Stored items
- Opening Delimiter -
(* Define $L_0 = 0^+$ and $L_k = L_{k-1} \cup L_{k-1}\, k\, \{0,\ldots,k-1\}^*$ for $k \ge 1$. For all $k \ge 0$ and all $x \in \mathbb{N}^*$ we have $\mathrm{alt}_{L_k}(x) \le 2^{k+2}-2$. Moreover, regarding $L_k$ as a language over the alphabet $\{0,\ldots,k\}$, $V_{L_k}(n) \le (2^{k+3}\cdot(k+3)+1)\cdot\log n + c_k$ for all sufficiently large $n$, where $c_k$ depends only on $k$.
   Context: Words are over the (infinite) alphabet $\mathbb{N}$ for the first claim. For a language $L$ and $x=a_1\cdots a_n$, a position $1\le i\le n$ is an $L$-alternation point if exactly one of $a_i\cdots a_n$ and $a_{i+1}\cdots a_n$ belongs to $L$; $\mathrm{alt}_L(x)$ is their number. $\log x=\lfloor\log_2 x\rfloor$. Variable-size sliding window model over a finite alphabet $\Sigma$: a streaming algorithm is a deterministic (possibly infinite-state) automaton with an injective encoding $\mathrm{enc}$ of states into bit strings; over $\overline\Sigma=\Sigma\cup\{\downarrow\}$ define $\mathrm{wnd}(\varepsilon)=\varepsilon$, $\mathrm{wnd}(ub)=\mathrm{wnd}(u)b$ ($b\in\Sigma$), $\mathrm{wnd}(u\!\downarrow)=\varepsilon$ if $\mathrm{wnd}(u)=\varepsilon$, $\mathrm{wnd}(u\!\downarrow)=v$ if $\mathrm{wnd}(u)=bv$. A variable-size sliding window algorithm for $L$ accepts $\{w\in\overline\Sigma^*:\mathrm{wnd}(w)\in L\}$ with space complexity $v_\mathcal{A}(n)=\max\{|\mathrm{enc}(\mathcal{A}(u'))|:u'\text{ prefix of }u,\ |\mathrm{wnd}(v)|\le n\text{ for all prefixes }v\text{ of }u\}$; $V_L(n)$ is the minimum of $v_\mathcal{A}(n)$ over all such algorithms. *)

From mathcomp Require Import all_boot.
Set Implicit Arguments. Unset Strict Implicit. Unset Printing Implicit Defensive.

(* Membership in the concatenation L_{k-1} k {0..k-1}^* is decided by
   trying every split position i of w: w = take i w ++ (w_i :: drop i.+1 w). *)
Fixpoint inL (k : nat) (w : seq nat) : bool :=
  match k with
  | 0 => (w != [::]) && all (fun a => a == 0) w
  | k'.+1 =>
      inL k' w ||
      has (fun i => [&& inL k' (take i w), nth 0 w i == k'.+1
                      & all (fun a => a < k'.+1) (drop i.+1 w)])
          (iota 0 (size w))
  end.

(* alt_L(x): number of positions i (1 <= i <= n) such that exactly one of
   a_i...a_n and a_{i+1}...a_n belongs to L.  With 0-based index j = i-1,
   a_i...a_n = drop j x and a_{i+1}...a_n = drop j.+1 x. *)
Definition alt (L : pred (seq nat)) (x : seq nat) : nat :=
  count (fun j => L (drop j x) != L (drop j.+1 x)) (iota 0 (size x)).

Definition log2 (x : nat) : nat := trunc_log 2 x.

(* Extended alphabet  Σ ∪ {↓}  rendered as option Σ, with None = ↓. *)
Fixpoint wnd_rev (S : Type) (acc : seq S) (u : seq (option S)) : seq S :=
  match u with
  | [::] => acc
  | Some b :: u' => wnd_rev (rcons acc b) u'
  | None :: u' => wnd_rev (behead acc) u'
  end.
Definition wnd (S : Type) (u : seq (option S)) : seq S := wnd_rev [::] u.

Record stream_alg (S : Type) := StreamAlg {
  st : Type;
  init : st;
  step : st -> option S -> st;
  accept : st -> bool;
  enc : st -> seq bool;
  enc_inj : injective enc
}.

Definition run (S : Type) (A : stream_alg S) (u : seq (option S)) : st A :=
  foldl (@step S A) (@init S A) u.

Definition sw_alg_for (S : Type) (L : seq S -> bool) (A : stream_alg S) : Prop :=
  forall w : seq (option S), accept (run A w) = L (wnd w).

(* v_A(n) <= b, where v_A(n) is the maximum of |enc(A(u'))| over prefixes u'
   of streams u all of whose prefixes v satisfy |wnd(v)| <= n
   (the maximum being +infinity if unbounded). *)
Definition space_le (S : Type) (A : stream_alg S) (n b : nat) : Prop :=
  forall u : seq (option S),
    (forall i, size (wnd (take i u)) <= n) ->
    forall i, size (enc (run A (take i u))) <= b.

(* V_L(n) <= b, where V_L(n) is the minimum of v_A(n) over all variable-size
   sliding window algorithms A for L. *)
Definition V_le (S : Type) (L : seq S -> bool) (n b : nat) : Prop :=
  exists A : stream_alg S, sw_alg_for L A /\ space_le A n b.

Definition Lfin (k : nat) (w : seq 'I_k.+1) : bool := inL k (map val w).

From mathcomp Require Import all_boot zify.
Set Implicit Arguments. Unset Strict Implicit. Unset Printing Implicit Defensive.

(* A word lies in L_k iff it is nonempty, starts with 0, has all letters <= k,
   and none of its nonzero letters equals the maximum of the letters before it.
   Split x at its last letter c > k.  If c > k+1, or c = k+1 is preceded by a
   further letter >= k+1, no suffix through that letter lies in L_{k+1}; around
   a single k+1, L_{k+1}-membership of the suffixes is L_k-membership of the
   two sides.  Hence alt_{k+1} <= 2 alt_k + 2, which gives 2^(k+2) - 2.
   The algorithm stores, for every suffix of the window, its membership bit and
   its maximum: appending a letter updates each entry locally, expiring a letter
   drops the first entry.  Along the window the bits change at most alt times
   and the maxima at most k times, so the run-length encoding of this sequence
   has at most 2^(k+2) + k runs of O(log n) bits each. *)

(** * Membership in L_k *)

Definition maxl (w : seq nat) : nat := foldl maxn 0 w.

Lemma foldl_maxnE m w : foldl maxn m w = maxn m (maxl w).
Proof.
rewrite /maxl; elim: w m => [|a w IH] m /=; first by rewrite maxn0.
by rewrite IH (IH (maxn 0 a)) max0n maxnA.
Qed.

Lemma foldl_maxn_leq m w b : (foldl maxn m w <= b) = (m <= b) && all (leq^~ b) w.
Proof. by elim: w m => [|a w IH] m /=; rewrite ?andbT // IH geq_max andbA. Qed.

Lemma maxl_cons a w : maxl (a :: w) = maxn a (maxl w).
Proof. by rewrite /maxl /= foldl_maxnE max0n. Qed.

Lemma maxl_rcons w a : maxl (rcons w a) = maxn (maxl w) a.
Proof. by rewrite /maxl -cats1 foldl_cat. Qed.

Fixpoint fresh_max (m : nat) (w : seq nat) : bool :=
  if w is a :: w' then ((a == 0) || (a != m)) && fresh_max (maxn m a) w' else true.

Lemma fresh_max_cat m u v :
  fresh_max m (u ++ v) = fresh_max m u && fresh_max (foldl maxn m u) v.
Proof. by elim: u m => [|a u IH] m //=; rewrite IH andbA. Qed.

Lemma fresh_max_zeros m w : all (leq^~ 0) w -> fresh_max m w.
Proof. by elim: w m => [|[|a] w IH] m //= /IH ->. Qed.

Lemma fresh_max_top k v :
  all (leq^~ k.+1) v && fresh_max k.+1 v = all (leq^~ k) v.
Proof.
elim: v => [|a v IH] //=; case: (leqP a k.+1) => [ak|ka]; last first.
  by rewrite leqNgt (ltnW ka).
rewrite /= andbCA IH; congr (_ && _).
by case: a ak => [|a] //; rewrite ltnS eqSS ltn_neqAle => ->; rewrite andbT.
Qed.

Lemma all_fresh_max_cat_top k u v :
  all (leq^~ k.+1) (u ++ k.+1 :: v) && fresh_max 0 (u ++ k.+1 :: v) =
  [&& all (leq^~ k) u, fresh_max 0 u & all (leq^~ k) v].
Proof.
rewrite all_cat fresh_max_cat /= foldl_maxnE max0n ltnSn.
have [uk|uk] := boolP (all (leq^~ k) u).
  have Mk : maxl u < k.+1 by rewrite ltnS /maxl foldl_maxn_leq.
  have -> : all (leq^~ k.+1) u by apply: sub_all uk => a /leqW.
  rewrite (maxn_idPr (ltnW Mk)) eq_sym (ltn_eqF Mk) -(fresh_max_top k v).
  by case: (all _ v); case: (fresh_max _ u); case: (fresh_max _ v).
apply/negbTE; rewrite negb_and; case uk1: (all (leq^~ k.+1) u); last by [].
apply/orP; right.
suff -> : maxl u = k.+1 by rewrite eqxx !andbF.
by apply/eqP; rewrite eqn_leq ltnNge /maxl !foldl_maxn_leq uk1 (negbTE uk).
Qed.

Lemma has_splitP (T : Type) (x0 : T) (P : seq T -> T -> seq T -> bool) w :
  reflect (exists u a v, w = u ++ a :: v /\ P u a v)
          (has (fun i => P (take i w) (nth x0 w i) (drop i.+1 w)) (iota 0 (size w))).
Proof.
apply: (iffP hasP) => [[i] | [u [a [v [-> Puav]]]]].
  rewrite mem_iota => /andP[_ iw] Pi; exists (take i w), (nth x0 w i), (drop i.+1 w).
  by rewrite -drop_nth // cat_take_drop.
exists (size u); first by rewrite mem_iota size_cat /= addnS ltnS leq_addr.
by rewrite take_size_cat // nth_cat ltnn subnn -cat_rcons drop_size_cat ?size_rcons.
Qed.

Definition Lspec (k : nat) (w : seq nat) : bool :=
  [&& w != [::], head 0 w == 0, all (leq^~ k) w & fresh_max 0 w].

Lemma Lspec_le k w : Lspec k w -> all (leq^~ k) w.
Proof. by case/and4P. Qed.

Lemma Lspec_succ_notin k w : k.+1 \notin w -> Lspec k.+1 w = Lspec k w.
Proof.
move=> kw; rewrite /Lspec; congr [&& _, _, _ & _]; apply: eq_in_all => a aw.
by rewrite leq_eqVlt ltnS; case: eqP => // ak; rewrite -ak aw in kw.
Qed.

Lemma Lspec_cat_top k u v :
  Lspec k.+1 (u ++ k.+1 :: v) = Lspec k u && all (leq^~ k) v.
Proof.
by case: u => [|b u] //; rewrite /Lspec all_fresh_max_cat_top !andbA.
Qed.

Lemma inL_Lspec k w : inL k w = Lspec k w.
Proof.
elim: k w => [|k IH] w.
  rewrite /Lspec; case: w => [|a w] //=.
  have -> : all (eq_op^~ 0) w = all (leq^~ 0) w by apply: eq_all => b; rewrite leqn0.
  case: a => [|a] //=.
  by case w0: (all _ w) => //; rewrite fresh_max_zeros.
pose P u a v := [&& inL k u, a == k.+1 & all (leq^~ k) v].
have splitP := has_splitP 0 P w.
rewrite /= IH; have [kw|kw] := boolP (k.+1 \in w).
  have -> : Lspec k w = false.
    by apply: contraTF kw => /Lspec_le/allP kw; apply/negP => /kw; rewrite ltnn.
  apply/splitP/idP => [[u [a [v [-> /and3P[Lu /eqP-> vk]]]]]|].
    by rewrite Lspec_cat_top -IH Lu.
  case/splitPr: kw => u v; rewrite Lspec_cat_top -IH => /andP[Lu vk].
  by exists u, k.+1, v; rewrite /P Lu eqxx.
rewrite Lspec_succ_notin // (_ : has _ _ = false) ?orbF //.
apply/negbTE/negP => /splitP[u [a [v [wE /and3P[_ /eqP ak _]]]]].
by move: kw; rewrite wE ak mem_cat inE eqxx orbT.
Qed.

Lemma inL_nil k : inL k [::] = false.
Proof. by rewrite inL_Lspec. Qed.

Lemma inL_succ_low k w : all (leq^~ k) w -> inL k.+1 w = inL k w.
Proof.
move=> wk; rewrite !inL_Lspec Lspec_succ_notin //.
by apply/negP => /(allP wk); rewrite ltnn.
Qed.

Lemma inL_succ_top k u v : inL k.+1 (u ++ k.+1 :: v) = inL k u && all (leq^~ k) v.
Proof. by rewrite !inL_Lspec Lspec_cat_top. Qed.

Lemma inL_above k u c v : k < c -> inL k (u ++ c :: v) = false.
Proof.
move=> kc; rewrite inL_Lspec; apply: contraTF kc => /Lspec_le/allP/(_ c).
by rewrite mem_cat inE eqxx orbT -leqNgt => ->.
Qed.

Lemma inL_succ_above_top k u c y v :
  k < c -> inL k.+1 (u ++ c :: y ++ k.+1 :: v) = false.
Proof.
rewrite leq_eqVlt => /predU1P[<-|kc]; last exact: inL_above.
by rewrite inL_succ_top all_cat /= ltnn !andbF.
Qed.

Lemma inL_rcons k w a : w != [::] -> a <= k ->
  inL k (rcons w a) = inL k w && ((a == 0) || (a != maxl w)).
Proof.
case: w => [|b w] // _ ak; rewrite !inL_Lspec /Lspec -cats1 all_cat fresh_max_cat /=.
by rewrite ak /maxl /= !andbT !andbA.
Qed.

(** * Alternation number *)

Lemma alt_cons L a x : alt L (a :: x) = (L (a :: x) != L x) + alt L x.
Proof. by rewrite /alt /= drop0 -[1]addn0 iotaDl count_map. Qed.

Lemma alt_cat L u v : alt L (u ++ v) = alt (fun s => L (s ++ v)) u + alt L v.
Proof. by elim: u => [|a u IH] //=; rewrite !alt_cons IH addnA. Qed.

Lemma eq_alt (P : pred nat) L L' x :
  (forall s, all P s -> L s = L' s) -> all P x -> alt L x = alt L' x.
Proof.
move=> LL'; elim: x => [|a x IH] //= /andP[Pa Px].
by rewrite !alt_cons IH // !LL' //= Pa.
Qed.

Lemma alt_cst L b x : (forall s, L s = b) -> alt L x = 0.
Proof. by move=> Lb; elim: x => [|a x IH] //; rewrite alt_cons IH !Lb eqxx. Qed.

Lemma alt_dead L u c v :
  (forall s, L (s ++ c :: v) = false) -> alt L (u ++ c :: v) <= (alt L v).+1.
Proof.
by move=> dead; rewrite alt_cat (alt_cst _ dead) alt_cons (dead [::]); case: (_ != _).
Qed.

Lemma alt_inL_succ_low k x : all (leq^~ k) x -> alt (inL k.+1) x = alt (inL k) x.
Proof. exact: eq_alt (@inL_succ_low k). Qed.

Lemma alt_inL_succ_top k u v : all (leq^~ k) u -> all (leq^~ k) v ->
  alt (inL k.+1) (u ++ k.+1 :: v) <= alt (inL k) u + (alt (inL k) v).+1.
Proof.
move=> uk vk; rewrite alt_cat (eq_alt (L' := inL k) _ uk); last first.
  by move=> s _; rewrite inL_succ_top vk andbT.
by rewrite alt_cons alt_inL_succ_low // leq_add2l; case: (_ != _).
Qed.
- Closing Delimiter -
■ **INSTRUCTIONS FOR THE TASK**
Filter the records above and copy every line that contains the word "mathcomp".

■ **RESULT OF THIS TASK**
From mathcomp Require Import all_boot.
From mathcomp Require Import all_boot zify.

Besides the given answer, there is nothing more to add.